In the normal retina, a small population of amacrine cells expresses nNOS [28]. There were fewer nNOS-expressing amacrine cells found in the vehicle-treated retina as compared with the non-ischemic control retina (0.7±0.3 vs. 3.0±0.2 cells/mm, p<0.001) (Fig. 3H & 3L). There were more nNOS-expressing amacrine cells found in the LBP-treated I/R retina as compared with the vehicle-treated I/R retina (1.8±0.3 vs. 0.7±0.3 cells/mm, p<0.05) (Fig. 3I & 3L).
Immunoreactivity of glial fibrillary acidic protein (GFAP)

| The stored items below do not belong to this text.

Local Notation f := (power_trinomial A B D al be).
Local Notation g := (hump D A B (2 - be) (al - be)).
Local Notation df := (hump (be * D) (2 * A) (al * B) (2 - be) (al - be)).

Lemma power_trinomial_eq_hump t : 0 < t -> f t = Rpower t be * g t.
Proof.
  intros Ht. unfold power_trinomial, hump.
  rewrite <- (Rpower_pow 2 t Ht).
  replace (INR 2) with (be + (2 - be)) by (simpl; ring).
  replace al with (be + (al - be)) at 1 by ring.
  rewrite !Rpower_plus. ring.
Qed.

Lemma derivable_pt_lim_power_trinomial t : 0 < t ->
  derivable_pt_lim f t (Rpower t (be - 1) * df t).
Proof.
  intros Ht.
  replace (Rpower t (be - 1) * df t)
    with (A * (INR 2 * t ^ (2 - 1)) - B * (al * Rpower t (al - 1))
          - D * (be * Rpower t (be - 1))).
  2: { unfold hump. rewrite <- (Rpower_pow (2 - 1) t Ht).
       replace (INR (2 - 1)) with (be - 1 + (2 - be)) by (simpl; ring).
       replace (al - 1) with (be - 1 + (al - be)) by ring.
       rewrite !Rpower_plus. simpl. ring. }
  apply derivable_pt_lim_minus; [apply derivable_pt_lim_minus|];
    apply derivable_pt_lim_scal.
  - apply derivable_pt_lim_pow.
  - now apply derivable_pt_lim_power.
  - now apply derivable_pt_lim_power.
Qed.

Lemma power_trinomial_increasing x y : 0 < x -> x < y ->
  (forall t, x < t < y -> 0 < df t) -> f x < f y.
Proof.
  intros Hx Hxy Hdf. eapply increasing_of_derive_pos; [exact Hxy | |].
  - intros t Ht. apply derivable_pt_lim_power_trinomial; lra.
  - intros t Ht. apply Rmult_lt_0_compat; [apply Rpower_pos | auto].
Qed.

Lemma power_trinomial_decreasing x y : 0 < x -> x < y ->
  (forall t, x < t < y -> df t < 0) -> f y < f x.
Proof.
  intros Hx Hxy Hdf. eapply decreasing_of_derive_neg; [exact Hxy | |].
  - intros t Ht. apply derivable_pt_lim_power_trinomial; lra.
  - intros t Ht. pose proof (Rpower_pos t (be - 1)). pose proof (Hdf t Ht). nra.
Qed.

Theorem power_trinomial_min_max_profile : (exists t, 0 < t /\ 0 < g t) -> min_max_profile f.
Proof.
  intros Hg.
  destruct (hump_two_zeros D A B (2 - be) (al - be) A_pos B_pos ltac:(lra) ltac:(lra) D_pos Hg)
    as [R1 [R2 [HR1 [HR2 [ZR1 [ZR2 Hg_sign]]]]]].
  assert (Hf_sign : forall t, 0 < t ->
    (0 < f t <-> R1 < t < R2) /\ (f t < 0 <-> t < R1 \/ R2 < t)).
  { intros t Ht. rewrite power_trinomial_eq_hump by exact Ht.
    pose proof (Rpower_pos t be). destruct (Hg_sign t Ht) as [[P1 P2] [N1 N2]].
    split; split; intros; [apply P1 | | apply N1 | ]; nra. }
  assert (HdfR1 : 0 < df R1).
  { pose proof (hump_weighted_pos_at_zero D A B (2 - be) (al - be) A_pos B_pos
      ltac:(lra) ltac:(lra) be R1 HR1 ZR1) as Hw.
    replace (2 - be + be) with 2 in Hw by ring. replace (al - be + be) with al in Hw by ring.
    exact Hw. }
  destruct (hump_two_zeros (be * D) (2 * A) (al * B) (2 - be) (al - be)
      ltac:(lra) ltac:(nra) ltac:(lra) ltac:(lra) ltac:(nra))
    as [w1 [w2 [Hw1 [Hw2 [_ [_ Hdf_sign]]]]]]; [exists R1; split; [lra | exact HdfR1] |].
  assert (Hw1R1 : w1 < R1 < w2) by (apply (Hdf_sign R1); lra).
  assert (Hdec_left : forall x y, 0 < x -> x < y -> y <= w1 -> f y < f x).
  { intros x y Hx Hxy Hy. apply power_trinomial_decreasing; auto.
    intros t Ht. apply (Hdf_sign t ltac:(lra)). lra. }
  assert (Hinc : forall x y, w1 <= x -> x < y -> y <= w2 -> f x < f y).
  { intros x y Hx Hxy Hy. apply power_trinomial_increasing; auto; [lra|].
    intros t Ht. apply (Hdf_sign t ltac:(lra)). lra. }
  assert (Hdec_right : forall x y, w2 <= x -> x < y -> f y < f x).
  { intros x y Hx Hxy. apply power_trinomial_decreasing; auto; [lra|].
    intros t Ht. apply (Hdf_sign t ltac:(lra)). lra. }
  assert (Hmax : forall t, w1 < t -> t <> w2 -> f t < f w2)
    by exact (down_up_down_max_right f w1 w2 Hinc Hdec_right).
  assert (Hfw2 : 0 < f w2).
  { set (u := (R1 + R2) / 2). assert (0 < f u) by (apply Hf_sign; unfold u; lra).
    destruct (Req_dec u w2) as [<-|Hu]; [assumption|].
    specialize (Hmax u ltac:(unfold u; lra) Hu). lra. }
  split; [|split].
  - exists w1. split; [lra|]. split; [apply Hf_sign; lra|].
    exists (w2 - w1). split; [lra|].
    exact (down_up_down_local_min f w1 w2 Hdec_left Hinc).
  - exists w2. split; [lra|]. split; [exact Hfw2|]. intros t Ht Htw.
    destruct (Rle_or_lt t w1) as [T|T]; [|now apply Hmax].
    assert (f t < 0) by (apply Hf_sign; lra). lra.
  - exists R1, R2. split; [lra|].
    rewrite !power_trinomial_eq_hump, ZR1, ZR2 by lra.
    split; [ring | split; [ring|]]. intros t Ht. apply Hf_sign, Ht.
Qed.

End Trinomial.

Lemma gammap_bounds N p : (1 <= N <= 3)%nat -> 2 + 8 / INR N < p -> below_two_star N p ->
  0 < gammap N p < 1 /\ 2 < p * gammap N p.
Proof.
  intros HN Hp Hst.
  assert (HN0 : 0 < INR N) by (apply lt_0_INR; lia).
  assert (H8 : 2 * INR N + 8 < p * INR N).
  { apply (Rmult_lt_compat_r (INR N)) in Hp; [|lra].
    replace ((2 + 8 / INR N) * INR N) with (2 * INR N + 8) in Hp by (field; lra). lra. }
  assert (Hp2 : 2 < p) by nra.
  assert (Hsub : INR N * (p - 2) < 2 * p).
  { destruct (Nat.le_gt_cases 3 N) as [H3|H2].
    - assert (N = 3%nat) as -> by lia. specialize (Hst H3).
      replace (2 * INR 3 / (INR 3 - 2)) with 6 in Hst by (simpl; field). simpl; lra.
    - assert (INR N <= 2) by (replace 2 with (INR 2) by reflexivity; apply le_INR; lia). nra. }
  assert (Hg : gammap N p * (2 * p) = INR N * (p - 2)) by (unfold gammap; field; lra).
  split; [split|]; nra.
Qed.

Lemma hump_at_peak_h_bound N a c p q C H :
  let g := gammap N p in
  let A := a / 2 in
  let B := / p * Rpower C p * Rpower c ((p - p * g) / 2) in
  let D := / q * Rpower C q * Rpower c (q * (1 - g) / 2) * H in
  0 < a -> 0 < C -> 1 <= q -> 0 < g -> q * g < 2 -> 2 < p * g ->
  hump D A B (2 - q * g) (p * g - q * g) (hump_peak A B (2 - q * g) (p * g - q * g))
  = / q * Rpower C q * Rpower c (q * (1 - g) / 2) * (h_bound N a c p q C - H).
Proof.
  intros g A B D Ha HC Hq Hg Hqg Hpg.
  assert (Hpq : q < p) by nra.
  assert (HpC : 0 < Rpower C p) by apply Rpower_pos.
  assert (HA : 0 < A) by (unfold A; lra).
  assert (HB : 0 < B).
  { pose proof (Rpower_pos c ((p - p * g) / 2)). pose proof (Rinv_0_lt_compat p ltac:(lra)).
    unfold B. apply Rmult_lt_0_compat; [apply Rmult_lt_0_compat|]; assumption. }
  rewrite hump_at_peak by lra.
  set (r := (p - p * g) / 2). set (k := (2 - q * g) / (p * g - 2)).
  set (hb := a * p * (2 - q * g) / (2 * g * (p - q) * Rpower C p)).
  assert (Hhb : 0 < hb).
  { assert (0 < a * p) by nra. assert (0 < 2 * g * (p - q)) by nra.
    unfold hb. apply Rdiv_lt_0_compat; nra. }
  replace (A * (2 - q * g) / (B * (p * g - q * g))) with (hb * Rpower c (- r)).
  2: { rewrite Rpower_Ropp. unfold A, B, hb. fold r. field.
       pose proof (Rpower_pos c r). repeat split; nra. }
  replace ((2 - q * g) / (p * g - q * g - (2 - q * g))) with k by (unfold k; field; lra).
  rewrite <- Rpower_mult_distr, Rpower_mult by (assumption || apply Rpower_pos).
  unfold h_bound; cbv zeta; fold g hb k.
  replace (- ((1 - g) * (p - q) / (p * g - 2))) with (- (r * k) + - (q * (1 - g) / 2))
    by (unfold r, k; field; lra).
  rewrite Rpower_plus, (Rpower_Ropp c (q * (1 - g) / 2)).
  replace (- r * k) with (- (r * k)) by ring.
  unfold A, D. field.
  pose proof (Rpower_pos C q). pose proof (Rpower_pos c (q * (1 - g) / 2)).
  repeat split; nra.
Qed.

Theorem lemma3p4 (N : nat) (a c p q C H : R) :
  (1 <= N <= 3)%nat ->
  0 < a -> 0 < c ->
  1 <= q < 2 ->
  2 + 8 / INR N < p -> below_two_star N p ->
  0 < C ->
  0 < H ->
  H < h_bound N a c p q C ->
  (* local strict minimum at a negative level *)
  (exists t0, 0 < t0 /\ phi N a c p q C H t0 < 0 /\
     exists d, 0 < d /\ forall t, 0 < t -> t <> t0 -> Rabs (t - t0) < d ->
       phi N a c p q C H t0 < phi N a c p q C H t) /\
  (* global strict maximum at a positive level *)
  (exists t1, 0 < t1 /\ 0 < phi N a c p q C H t1 /\
     forall t, 0 < t -> t <> t1 -> phi N a c p q C H t < phi N a c p q C H t1) /\
  (* zeros R1 < R2 and positivity set *)
  (exists R1 R2, 0 < R1 < R2 /\
     phi N a c p q C H R1 = 0 /\ phi N a c p q C H R2 = 0 /\
     forall t, 0 < t -> (0 < phi N a c p q C H t <-> R1 < t < R2)).
Proof.
  intros HN Ha Hc Hq Hp Hst HC HH Hsmall.
  destruct (gammap_bounds N p HN Hp Hst) as [[Hg0 Hg1] Hpg].
  pose proof (hump_at_peak_h_bound N a c p q C H Ha HC (proj1 Hq) Hg0 ltac:(nra) Hpg)
    as Hpeak.
  set (g := gammap N p) in *.
  set (B := / p * Rpower C p * Rpower c ((p - p * g) / 2)) in *.
  set (Cq := / q * Rpower C q * Rpower c (q * (1 - g) / 2)) in *.
  assert (HCq : 0 < Cq).
  { pose proof (Rinv_0_lt_compat q ltac:(lra)). pose proof (Rpower_pos C q).
    pose proof (Rpower_pos c (q * (1 - g) / 2)).
    unfold Cq; apply Rmult_lt_0_compat; [apply Rmult_lt_0_compat|]; assumption. }
  assert (HB : 0 < B).
  { pose proof (Rinv_0_lt_compat p ltac:(nra)). pose proof (Rpower_pos C p).
    pose proof (Rpower_pos c ((p - p * g) / 2)).
    unfold B; apply Rmult_lt_0_compat; [apply Rmult_lt_0_compat|]; assumption. }
  change (min_max_profile (power_trinomial (a / 2) B (Cq * H) (p * g) (q * g))).
  apply power_trinomial_min_max_profile; try nra.
  exists (hump_peak (a / 2) B (2 - q * g) (p * g - q * g)).
  split; [apply Rpower_pos|]. rewrite Hpeak. nra.
Qed.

In non-ischemic control retina, the expression of GFAP was confined to astrocytes in GCL (Fig. 4A). In the vehicle-treated I/R retina, GFAP immunoreactivity was markedly increased and was not just confined to the GCL but also found in the Muller cell processes (Fig. 4B). In the LBP-treated retina, in contrast to the vehicle-treated I/R retina, GFAP immunoreactivity was not increased (Fig. 4C). The IHC scores in the vehicle-treated I/R retina, the LBP-treated I/R retina and the non-ischemic control retina were 4.1±0.3, 2.3±0.5 and 1.5±0.3 arbitrary units, respectively (Fig. 4D).

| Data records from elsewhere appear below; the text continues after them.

(* Let $\mathcal{B}=\{1,\dots,|\mathcal{B}|\}$ be a finite set of bins and let $N$ data points $j=1,\dots,N$ each belong to exactly one bin $B(j)\in\mathcal{B}$. For $i\in\mathcal{B}$ let $\mathcal{U}_i=\{j: B(j)=i\}$ and assume $\mathcal{U}_i\neq\emptyset$ for every $i$. Let $P_i\in(0,1]$ for $i\in\mathcal{B}$, and let $O_1,\dots,O_N$ be independent Bernoulli random variables with $\mathbb{P}(O_j=1)=P_{B(j)}$. Set $\mathcal{S}_i=\{j\in\mathcal{U}_i: O_j=1\}$. Let $\mathcal{H}=\{\hat Y_1,\dots,\hat Y_{|\mathcal{H}|}\}$ be a finite set of predictions, and for each $\hat Y\in\mathcal{H}$ and each $j$ let $\delta_j(Y,\hat Y)\in[0,\Delta]$ be a fixed (non-random) loss value, where $\Delta>0$. Let $\tilde P_i>0$, $i\in\mathcal{B}$, be given numbers (estimated propensities). Define the true risk $$R(\hat Y)=\frac{1}{|\mathcal{B}|}\sum_{i=1}^{|\mathcal{B}|}\frac{1}{|\mathcal{U}_i|}\sum_{j\in\mathcal{U}_i}\delta_j(Y,\hat Y)$$ and the VIR estimator $$\hat R_{\mathrm{VIR}}(\hat Y\mid\tilde P)=\frac{1}{|\mathcal{B}|}\sum_{i=1}^{|\mathcal{B}|}\frac{1}{|\mathcal{U}_i|}\sum_{j\in\mathcal{S}_i}\frac{\delta_j(Y,\hat Y)}{\tilde P_i},$$ and let $\hat Y^{\mathrm{ERM}}\in\operatorname{argmin}_{\hat Y\in\mathcal{H}}\hat R_{\mathrm{VIR}}(\hat Y\mid\tilde P)$ (a random element of $\mathcal{H}$ depending on $O$). Then for every $\eta\in(0,1)$, with probability at least $1-\eta$ over $O$, $$R(\hat Y^{\mathrm{ERM}})\le \hat R_{\mathrm{VIR}}(\hat Y^{\mathrm{ERM}}\mid\tilde P)+\frac{\Delta}{|\mathcal{B}|}\sum_{i=1}^{|\mathcal{B}|}\Big|1-\frac{P_i}{\tilde P_i}\Big|+\frac{\Delta}{|\mathcal{B}|}\sqrt{\frac{\log(2|\mathcal{H}|/\eta)}{2}}\sqrt{\sum_{i=1}^{|\mathcal{B}|}\frac{1}{\tilde P_i^{2}}}.$$
   Context: This is the generalization bound for imbalanced regression: the label space is partitioned into equal-interval bins, an imbalanced dataset is modeled as the observed subset (indicators $O_j$) of a full dataset, with observation probability (''propensity'') $P_i$ depending only on the bin. $\tilde P_i$ is the smoothed label distribution used in the training objective. *)

From HB Require Import structures.
From mathcomp Require Import all_boot all_order all_algebra.
From mathcomp Require Import reals exp.
Set Implicit Arguments. Unset Strict Implicit. Unset Printing Implicit Defensive.
Import Order.TTheory GRing.Theory Num.Theory.
Local Open Scope ring_scope.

10.1371/journal.pone.0016380.g004
Lower level of glial fibrillary acidic protein (GFAP) activation in the LBP-treated I/R retina.
(A–C) Immunohistochemistry of GFAP. I/R induced intense GFAP immunoreactivity in Muller cell processes of the vehicle-treated I/R retina (arrows in B), but not of the LBP-treated I/R retina (C). Results were confirmed by semi-quantification of IHC in (D). ##p<0.01 vs. non-ischemic control retina; *P<0.05 vs. vehicle-treated I/R retina. Scale bar, 25 µm.
Immunoreactivity of AQP4
In the non-ischemic control retina, there was a weak immunoreactivity of AQP4 expressed in the astrocytic end-feet at the ILM and in the perivascular regions at the outer border of INL (Fig. 5A). The AQP4 staining was discontinuous along the blood vessels and appeared weak (Fig. 5A & 5D). In the vehicle-treated I/R retina, AQP4 immunoreactivity surrounding retinal vessels became more intense (Fig. 5B & 5E). In the LBP-treated I/R retina, in contrast showed no increased expression of AQP4 expression in the astrocytic end-feet and perivascular regions (Fig. 5C & 5F). The IHC scores in the vehicle-treated I/R retina, the LBP-treated I/R retina and the non-ischemic control retina were 4.0±0.5, 1.7±0.3 and 1.1±0.2 arbitrary units, respectively (Fig. 5G).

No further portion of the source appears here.